Interview croisée de 2 frères Miciens

intinéraire de 2 frères Miciens...

Publié par delfine le 05-01-2009 12:30 (3490 lectures)

Interview croisée de 2 frères Miciens

 

John et Cumulus, est ce que vous connaissiez les MICI avant que Cumulus ne soit diagnostiqué ?

John
: Non, je n’en avais jamais entendu parler auparavant.
Nous avions juste un grand frère qui avait eu un début d’ulcère à l’estomac, mais rien de vraiment méchant.
Je ne pensais même pas qu’un organe comme les intestins pouvait être malade.
Ce n’était pas un organe « noble » pour moi.
Je ne m’en suis jamais vraiment intéressé avant d’être malade.

Cumulus : Non, je n’ai jamais été malade avant.
Je ne savais même pas ce qu’était une maladie chronique, pour preuve, le gastro-entérologue m’a dit de m’arrêter 1 mois pour commencer, et moi, je lui ai répondu, non, sûrement pas, pas plus d’une semaine….

John, qu’as tu ressenti à l’annonce du Crohn de ton frère ?

Je me suis dit, ça te pendait au nez, tu es tellement speed et tu donnes tellement au travail que ton stress a fini par te le faire payer.
Et puis ton environnement, de travail et d’habitat, ton rythme de vie n’était pas évident à gérer.
Je me suis dit que tu avais beaucoup trop donné !

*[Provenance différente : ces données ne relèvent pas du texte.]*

(* Let $p,q\in\mathbb R^3$ with $|p|\ge\frac32q^0$ and $\omega\in\mathbb S^2$. Then for any multi-index $\beta\in\mathbb N^3\setminus\{0\}$ (derivatives $\partial_\beta$ in $p$) there exists an integer $n=n(\beta)\ge1$ such that $$\frac{|\partial_\beta(v_\phi\chi_{A^c})|}{|v_\phi|}+|\partial_\beta p'|+|\partial_\beta q'|\lesssim\langle q\rangle^n.$$
   Context: $\mathfrak c\ge1$ is the speed of light; $p^0=\sqrt{\mathfrak c^2+|p|^2}$, $q^0=\sqrt{\mathfrak c^2+|q|^2}$, $\langle q\rangle=\sqrt{1+|q|^2}$; $\mathfrak s=2(p^0q^0-p\cdot q+\mathfrak c^2)$, $g=\sqrt{2(p^0q^0-p\cdot q-\mathfrak c^2)}$, $v_\phi=\frac{\mathfrak c}4\frac{g\sqrt{\mathfrak s}}{p^0q^0}$, $\gamma_0=(p^0+q^0)/\sqrt{\mathfrak s}$, and $p'=\frac12(p+q)+\frac12g\big(\omega+(\gamma_0-1)(p+q)\frac{(p+q)\cdot\omega}{|p+q|^2}\big)$, $q'=\frac12(p+q)-\frac12g\big(\omega+(\gamma_0-1)(p+q)\frac{(p+q)\cdot\omega}{|p+q|^2}\big)$. Let $\chi\in C_0^\infty([0,\infty))$ with $0\le\chi\le1$, $\chi(r)=1$ on $[0,1]$, $\chi(r)=0$ for $r>2$, and $\chi_{A^c}(p,q)=\big(1-\chi(\frac{p^0}{\mathfrak c})\big)\big(1-\chi(\frac23\frac{|p|}{q^0})\big)$. Implicit constants are independent of $\mathfrak c$, $p$, $q$, $\omega$. *)

From Stdlib Require Import Reals.
From Coquelicot Require Import Coquelicot.
Open Scope R_scope.

Definition vec3 : Type := (R * R * R)%type.
Definition v1 (x : vec3) : R := fst (fst x).
Definition v2 (x : vec3) : R := snd (fst x).
Definition v3 (x : vec3) : R := snd x.
Definition mk3 (a b c : R) : vec3 := (a, b, c).
Definition vadd (x y : vec3) : vec3 := mk3 (v1 x + v1 y) (v2 x + v2 y) (v3 x + v3 y).
Definition vscal (a : R) (x : vec3) : vec3 := mk3 (a * v1 x) (a * v2 x) (a * v3 x).
Definition dot (x y : vec3) : R := v1 x * v1 y + v2 x * v2 y + v3 x * v3 y.
Definition vnorm (x : vec3) : R := sqrt (dot x x).

(* p^0 = sqrt(c^2+|p|^2), <q> = sqrt(1+|q|^2) *)
Definition en (c : R) (p : vec3) : R := sqrt (c ^ 2 + dot p p).
Definition jap (q : vec3) : R := sqrt (1 + dot q q).

Definition s_inv (c : R) (p q : vec3) : R := 2 * (en c p * en c q - dot p q + c ^ 2).
Definition g_rel (c : R) (p q : vec3) : R := sqrt (2 * (en c p * en c q - dot p q - c ^ 2)).
Definition v_phi (c : R) (p q : vec3) : R :=
  c / 4 * (g_rel c p q * sqrt (s_inv c p q)) / (en c p * en c q).
Definition gamma0 (c : R) (p q : vec3) : R := (en c p + en c q) / sqrt (s_inv c p q).

Definition post_dir (c : R) (p q w : vec3) : vec3 :=
  vadd w (vscal ((gamma0 c p q - 1) * dot (vadd p q) w / (vnorm (vadd p q)) ^ 2) (vadd p q)).
Definition p_post (c : R) (p q w : vec3) : vec3 :=
  vadd (vscal (1/2) (vadd p q)) (vscal (1/2 * g_rel c p q) (post_dir c p q w)).
Definition q_post (c : R) (p q w : vec3) : vec3 :=
  vadd (vscal (1/2) (vadd p q)) (vscal (- (1/2 * g_rel c p q)) (post_dir c p q w)).

Definition chi_Ac (chi : R -> R) (c : R) (p q : vec3) : R :=
  (1 - chi (en c p / c)) * (1 - chi (2 / 3 * vnorm p / en c q)).

Definition d1 (f : vec3 -> R) (p : vec3) : R := Derive (fun t => f (mk3 t (v2 p) (v3 p))) (v1 p).
Definition d2 (f : vec3 -> R) (p : vec3) : R := Derive (fun t => f (mk3 (v1 p) t (v3 p))) (v2 p).
Definition d3 (f : vec3 -> R) (p : vec3) : R := Derive (fun t => f (mk3 (v1 p) (v2 p) t)) (v3 p).

Definition multi_index : Type := (nat * nat * nat)%type.
Definition dbeta (b : multi_index) (f : vec3 -> R) : vec3 -> R :=
  Nat.iter (fst (fst b)) d1 (Nat.iter (snd (fst b)) d2 (Nat.iter (snd b) d3 f)).
Definition dbeta_vec (b : multi_index) (F : vec3 -> vec3) (p : vec3) : vec3 :=
  mk3 (dbeta b (fun x => v1 (F x)) p) (dbeta b (fun x => v2 (F x)) p)
      (dbeta b (fun x => v3 (F x)) p).

(* chi in C_0^infty([0,oo)), 0<=chi<=1, chi=1 on [0,1], chi=0 on (2,oo).
   Smoothness is required on all of R (any such chi extends smoothly,
   e.g. by 1 on (-oo,0)); values on negative reals are never used. *)
Definition cutoff (chi : R -> R) : Prop :=
  (forall k x, ex_derive_n chi k x) /\
  (forall r, 0 <= r -> 0 <= chi r <= 1) /\
  (forall r, 0 <= r <= 1 -> chi r = 1) /\
  (forall r, 2 < r -> chi r = 0).

From Stdlib Require Import Reals Lra Lia Psatz.
From Coquelicot Require Import Coquelicot.
Open Scope R_scope.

As-tu pensé que tu pourrais être concerné par la suite ?

Non, jamais !
Je pensais être plus zen, avec plus de recul sur mon travail, que ce qui t’arrivait, ne pouvait pas m’atteindre.
Je ne me rendais même pas compte de ce que tu endurais…

Cumulus, t’es tu senti soutenu et compris dans le même temps ?

Soutenu oui…
Compris.. ( soupir), c’est difficile de se faire comprendre par des gens n’ayants pas eu les mêmes souffrances et angoisses.

Se retrouver dans un fauteuil roulant parce qu’on n’a plus la force de marcher, voir les médecins muets devant les questions qu’on leur pose.

En arriver à ne plus vouloir voir la famille, car le miroir de leur regard te fait souffrir encore plus.
Au cours de leurs visites, tu as envie de pleurer et ne pas vouloir le montrer. Et pleurer en les regardant partir, par la fenêtre de l’hôpital.

Ce qui m’a tenu, par une nuit où une infirmière ne comptait pas le nombre de fois pour me changer, car je ne pouvais pas me changer tout seul avec mes perfusions et une fièvre à plus de 40°C.
Et cette même infirmière, à prendre sur son temps de repos, pour moi, pour m’expliquer en me tenant la main, qu’ils étaient là pour me soulager et pour m’aider à reprendre espoir et vie…

Cumulus, tu connaissais la maladie quand ton frère a été diagnostiqué à son tour, qu’as tu éprouvé quand il t’a annoncé la RCH ?

De la peine, c’est quelque chose qu’on ne souhaite à personne. Ca ré-ouvre des blessures qui sont parfois plus dures à voir chez les proches que sur soi même.

Que de toute façon, si la maladie est là, il faudra faire avec.
Après, ce que j’ai vu, c’est de ne pas voir les médecins comme des dieux, mais comme des alliés et que la discussion soit ouverte sur les différentes options possibles.

Vu l’état de fatigue de mon frère, je l’ai poussé à bouger et à ne pas s’enterrer.
Et essayer de ne pas reproduire mes erreurs faites, à savoir, ne pas aller trop loin dans la maladie. Et ne pas être envahissant, ne pas jouer les rabat- joie vis à vis de lui.

Qu’est ce que cela a changé dans votre vie à tous les deux ?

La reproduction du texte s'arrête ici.